Muff/beard is a dominant gene, so once it is out of the flock, it will stay gone.
Regarding combs, there is a linkage between the pea comb gene and the blue egg gene. So if you want to keep the blue egg gene, you will have to keep the pea comb as well. Crossing with any kind of Leghorn may increase the comb size (some pea combs are larger than others.) Or if you wanted single combs and blue eggs, you would want to introduce something like Cream Legbar that has the linkage of blue egg with not-pea comb.
I would look for chicks that show shades of brown (not grays or white, and not large amounts of black).
Chicks that are an even shade of buff or red all over, will more often grow up to have a fairly solid color at maturity (like Buff Orpingtons and Rhode Island Reds.)
Chicks that hatch with stripes like a chipmunk are more likely to grow up with the kind of patterning I see in the pictures of the EE hens.

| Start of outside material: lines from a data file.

Lemma sort_Rgeb_top_split (T : finType) (v : T -> R) (s : seq T) (k : nat) (e0 : T) :
  uniq s -> (forall e, e \in s) -> (k <= size s)%nat ->
  exists L : {set T},
  [/\ #|L| = k,
      \big[Rplus/0]_(0 <= i < k) nth 0 (sort Rgeb (map v s)) i = \big[Rplus/0]_(e in L) v e,
      forall f : R -> R, \big[Rplus/0]_(k <= i < size s) f (nth 0 (sort Rgeb (map v s)) i)
                         = \big[Rplus/0]_(e in ~: L) f (v e) &
      forall e e', e \in L -> e' \notin L -> v e' <= v e].
Proof.
move=> uniq_s s_full le_k.
pose P := sort (relpre v Rgeb) s.
have -> : sort Rgeb (map v s) = map v P by rewrite sort_map.
have uniq_P : uniq P by rewrite sort_uniq.
have size_P : size P = size s by rewrite size_sort.
have P_full e : e \in P by rewrite mem_sort.
have P_split : P = take k P ++ drop k P by rewrite cat_take_drop.
have uniq_take := take_uniq k uniq_P; have uniq_drop := drop_uniq k uniq_P.
have notin_take e : (e \notin take k P) = (e \in drop k P).
  move: uniq_P (P_full e); rewrite {1 2}P_split cat_uniq mem_cat => /and3P[_ /hasPn disj _].
  by case: (boolP (e \in drop k P)) => [/disj -> //|_]; rewrite orbF => ->.
exists [set e in take k P]; split.
- by rewrite cardsE (card_uniqP uniq_take) size_takel // size_P.
- rewrite (eq_bigl (mem (take k P))); last by move=> e; rewrite inE.
  rewrite -big_uniq // (big_nth e0) size_takel ?size_P //.
  apply: eq_big_nat => i /andP[_ lt_ik].
  by rewrite (nth_map e0) ?nth_take // size_P (leq_trans lt_ik).
- move=> f; rewrite (eq_bigl (mem (drop k P))); last by move=> e; rewrite !inE notin_take.
  rewrite -big_uniq // (big_nth e0) size_drop size_P -{1}(add0n k) big_addn.
  apply: eq_big_nat => i /andP[_ lt_i].
  rewrite (nth_map e0) ?nth_drop 1?addnC // size_P.
  by move: lt_i; clear; lia.
- move=> e e'; rewrite !inE notin_take => e_take e'_drop.
  have : pairwise (relpre v Rgeb) P.
    rewrite -sorted_pairwise => [|x y z]; last exact: Rgeb_trans.
    by apply: sort_sorted => x y; apply: Rgeb_total.
  rewrite {1}P_split pairwise_cat => /and3P[/allrelP all_ge _ _].
  exact: RgebP (all_ge e e' e_take e'_drop).
Qed.
(* (i) If $\alpha=\beta=0$, then $z_\alpha=z_\beta=1$; in particular $x_{\rm lavs}(h_1,h_2)=x_{\rm peak}(h_1,h_2)$ and $x_{\rm gloom}(h_1,h_2)=x_{\rm valy}(h_1,h_2)$. As $\alpha\to1/\delta$, $z_\alpha\to0$; as $\beta\to+\infty$, $z_\beta\to+\infty$. (ii) For fixed $h_1\ge h_2>0$ (and all other parameters fixed), as the risk-aversion parameter $\gamma\to\infty$, $$\lim_{\gamma\to\infty}\frac{x_{\rm lavs}(h_1,h_2)}{c^*(x_{\rm lavs}(h_1,h_2),h_1,h_2)}=\lim_{\gamma\to\infty}\frac{x_{\rm gloom}(h_1,h_2)}{c^*(x_{\rm gloom}(h_1,h_2),h_1,h_2)}=\frac1r.$$
   Context: Parameters: $r>0$, $\mu>0$, $\sigma>0$, $\kappa=(\mu-r)/\sigma$, $\delta>0$, $\gamma>0,\gamma\ne1$, $0\le\alpha\le1/\delta$, $\beta\ge0$, $K_0:=r+\frac{\delta-r}{\gamma}+\frac{\gamma-1}{2\gamma^2}\kappa^2>0$. $\gamma^*=-(1-\gamma)/\gamma$; $m_1>1$ and $m_2<\min(\gamma^*,0)$ are the roots of $\frac{\kappa^2}{2}m^2+(\delta-r-\frac{\kappa^2}{2})m-\delta=0$; $z_\alpha\in(0,1-\alpha\delta]$ solves $\frac{2}{\kappa^2m_1(m_1-1)}z^{m_1}+\frac{z}{r}(m_2-1)+m_2(\alpha-\frac1\delta)=0$; $z_\beta\in[1+\beta\delta,\infty)$ solves $\frac{2}{\kappa^2m_2(m_2-1)}z^{m_2}+\frac{z}{r}(m_1-1)-m_1(\beta+\frac1\delta)=0$. Coefficients: $C_5(h_2)=\frac{1-\gamma^*}{(m_1-m_2)(m_1-\gamma^* )}\big(\frac{m_2(\beta\delta+1)}{\delta}z_\beta^{-m_1}+\frac{1-m_2}{r}z_\beta^{1-m_1}\big)h_2^{1+\gamma(m_1-1)}$; $C_3(h_2)=C_5(h_2)+\frac{2(\gamma^*-1)}{\kappa^2(m_1-m_2)m_1(m_1-1)(m_1-\gamma^* )}h_2^{1+\gamma(m_1-1)}$; $C_1(h_1,h_2)=C_3(h_2)+\frac{2(1-\gamma^* )}{\kappa^2(m_1-m_2)m_1(m_1-1)(m_1-\gamma^* )}h_1^{1+\gamma(m_1-1)}$; $C_2(h_1)=\frac{1-\gamma^*}{(m_1-m_2)(m_2-\gamma^* )}\big(\frac{m_1(\alpha\delta-1)}{\delta}z_\alpha^{-m_2}+\frac{m_1-1}{r}z_\alpha^{1-m_2}\big)h_1^{1+\gamma(m_2-1)}$; $C_4(h_1)=C_2(h_1)-\frac{2(\gamma^*-1)}{\kappa^2(m_1-m_2)m_2(m_2-1)(m_2-\gamma^* )}h_1^{1+\gamma(m_2-1)}$; $C_6(h_1,h_2)=C_4(h_1)-\frac{2(1-\gamma^* )}{\kappa^2(m_1-m_2)m_2(m_2-1)(m_2-\gamma^* )}h_2^{1+\gamma(m_2-1)}$. Boundary curves: $x_{\rm lavs}=-m_1C_1(h_1,h_2)(z_\alpha h_1^{-\gamma})^{m_1-1}-m_2C_2(h_1)(z_\alpha h_1^{-\gamma})^{m_2-1}+\frac{h_1}{r}$; $x_{\rm peak}=-m_1C_1(h_1,h_2)(h_1^{-\gamma})^{m_1-1}-m_2C_2(h_1)(h_1^{-\gamma})^{m_2-1}+\frac{h_1}{r}$; $x_{\rm valy}=-m_1C_5(h_2)(h_2^{-\gamma})^{m_1-1}-m_2C_6(h_1,h_2)(h_2^{-\gamma})^{m_2-1}+\frac{h_2}{r}$; $x_{\rm gloom}=-m_1C_5(h_2)(z_\beta h_2^{-\gamma})^{m_1-1}-m_2C_6(h_1,h_2)(z_\beta h_2^{-\gamma})^{m_2-1}+\frac{h_2}{r}$. The optimal feedback consumption $c^*(x,h_1,h_2)$ (for the problem of maximizing $\mathbb E[\int_0^\infty e^{-\delta t}(U(c_t)dt-\alpha dV^+_{1t}-\beta dV^-_{2t})]$ with $U=V=x^{1-\gamma}/(1-\gamma)$, $V^+_{1t}=V(h_1\vee\sup_{s\le t}c_s)-V(h_1)$, $V^-_{2t}=V(h_2)-V(h_2\wedge\inf_{s\le t}c_s)$, over consumption/investment strategies with wealth $dX=(rX+(\mu-r)\pi-c)dt+\sigma\pi dW$, $X\ge0$) satisfies $c^*(x,h_1,h_2)=h_1$ for $x_{\rm peak}<x\le x_{\rm lavs}$ and $c^*(x,h_1,h_2)=h_2$ for $x_{\rm gloom}\le x<x_{\rm valy}$. *)

From Stdlib Require Import Reals ClassicalEpsilon.
From Coquelicot Require Import Coquelicot.
Open Scope R_scope.
Lemma gen_inf_shift_unfold g w k :
  gen_inf g (shift k w) = prepend (img g (w k)) (gen_inf g (shift k.+1 w)).
Proof. by rewrite gen_inf_unfold shift_head shift1S. Qed.

Lemma gen_inf_head g w : gen_inf g w 0 = nth false (img g (w 0)) 0.
Proof. by rewrite gen_inf_unfold /prepend size_img_gt0. Qed.

Lemma gen_inf_L_head w : gen_inf GL w 0 = false.
Proof. by rewrite gen_inf_head; case: (w 0). Qed.

Lemma gen_inf_R_head w : gen_inf GR w 0 = w 0.
Proof. by rewrite gen_inf_head; case: (w 0). Qed.

Lemma gen_inf_M_neg w : gen_inf GM (neg w) = neg (gen_inf GM w).
Proof.
apply: functional_extensionality => n; elim/ltn_ind: n w => n IH w.
rewrite (gen_inf_unfold _ (neg w)) (gen_inf_unfold GM w).
change (shift 1 (neg w)) with (neg (shift 1 w)).
rewrite /neg /prepend; case: (w 0) => /=; case: ifP => lt_n2;
  by [case: n {IH} lt_n2 => [|[]] | rewrite IH //; lia].
Qed.

Lemma gen_inf_suffix g w k : exists p, shift p (gen_inf g w) = gen_inf g (shift k w).
Proof.
elim: k => [|k [p Ep]]; first by exists 0; rewrite !shift0.
exists (p + size (img g (w k))).
by rewrite -shiftD Ep gen_inf_shift_unfold shift_prepend.
Qed.

Lemma gen_inf_suffix_drop g w k i : i <= size (img g (w k)) ->
  exists p, shift p (gen_inf g w) = prepend (drop i (img g (w k))) (gen_inf g (shift k.+1 w)).
Proof.
move=> le_i; have [p Ep] := gen_inf_suffix g w k.
by exists (p + i); rewrite -shiftD Ep gen_inf_shift_unfold shift_prepend_drop.
Qed.

Lemma shift_gen_inf g w j : exists j' i, i < size (img g (w j')) /\
  shift j (gen_inf g w) = prepend (drop i (img g (w j'))) (gen_inf g (shift j'.+1 w)).
Proof.
elim: j => [|j [j' [i [lt_i Ej]]]].
  by exists 0, 0; rewrite shift0 drop0 -gen_inf_unfold size_img_gt0.
rewrite -shift1S Ej (drop_nth false lt_i) shift1_prepend_cons.
case: (ltnP i.+1 (size (img g (w j')))) => [|le_size]; first by exists j', i.+1.
exists j'.+1, 0; rewrite drop_oversize // prepend_nil drop0 size_img_gt0.
by rewrite gen_inf_shift_unfold.
Qed.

This is a common coloring in Easter Eggers, so you probably won't have much trouble finding chicks like that.
Brown Leghorn chicks are a good example of this color pattern.
Example from McMurray Hatchery:
https://www.mcmurrayhatchery.com/single_comb_brown_leghorns.html
The same pattern can also exist in silver (gold tones are replaced with white/gray tones.) McMurray's Silver Phoenix are an example of this color:
https://www.mcmurrayhatchery.com/phoenix.html
If you end up with some silver ones by mistake, just use them with a gold rooster and their daughters will have gold, so it won't really set your program back.
Are Easter Eggers usually darker fleshed? She was almost a bluish/grey.
I considered maybe breeding them with jersey giants to make them bigger bodied or maybe even Dark cornish to make them meatier.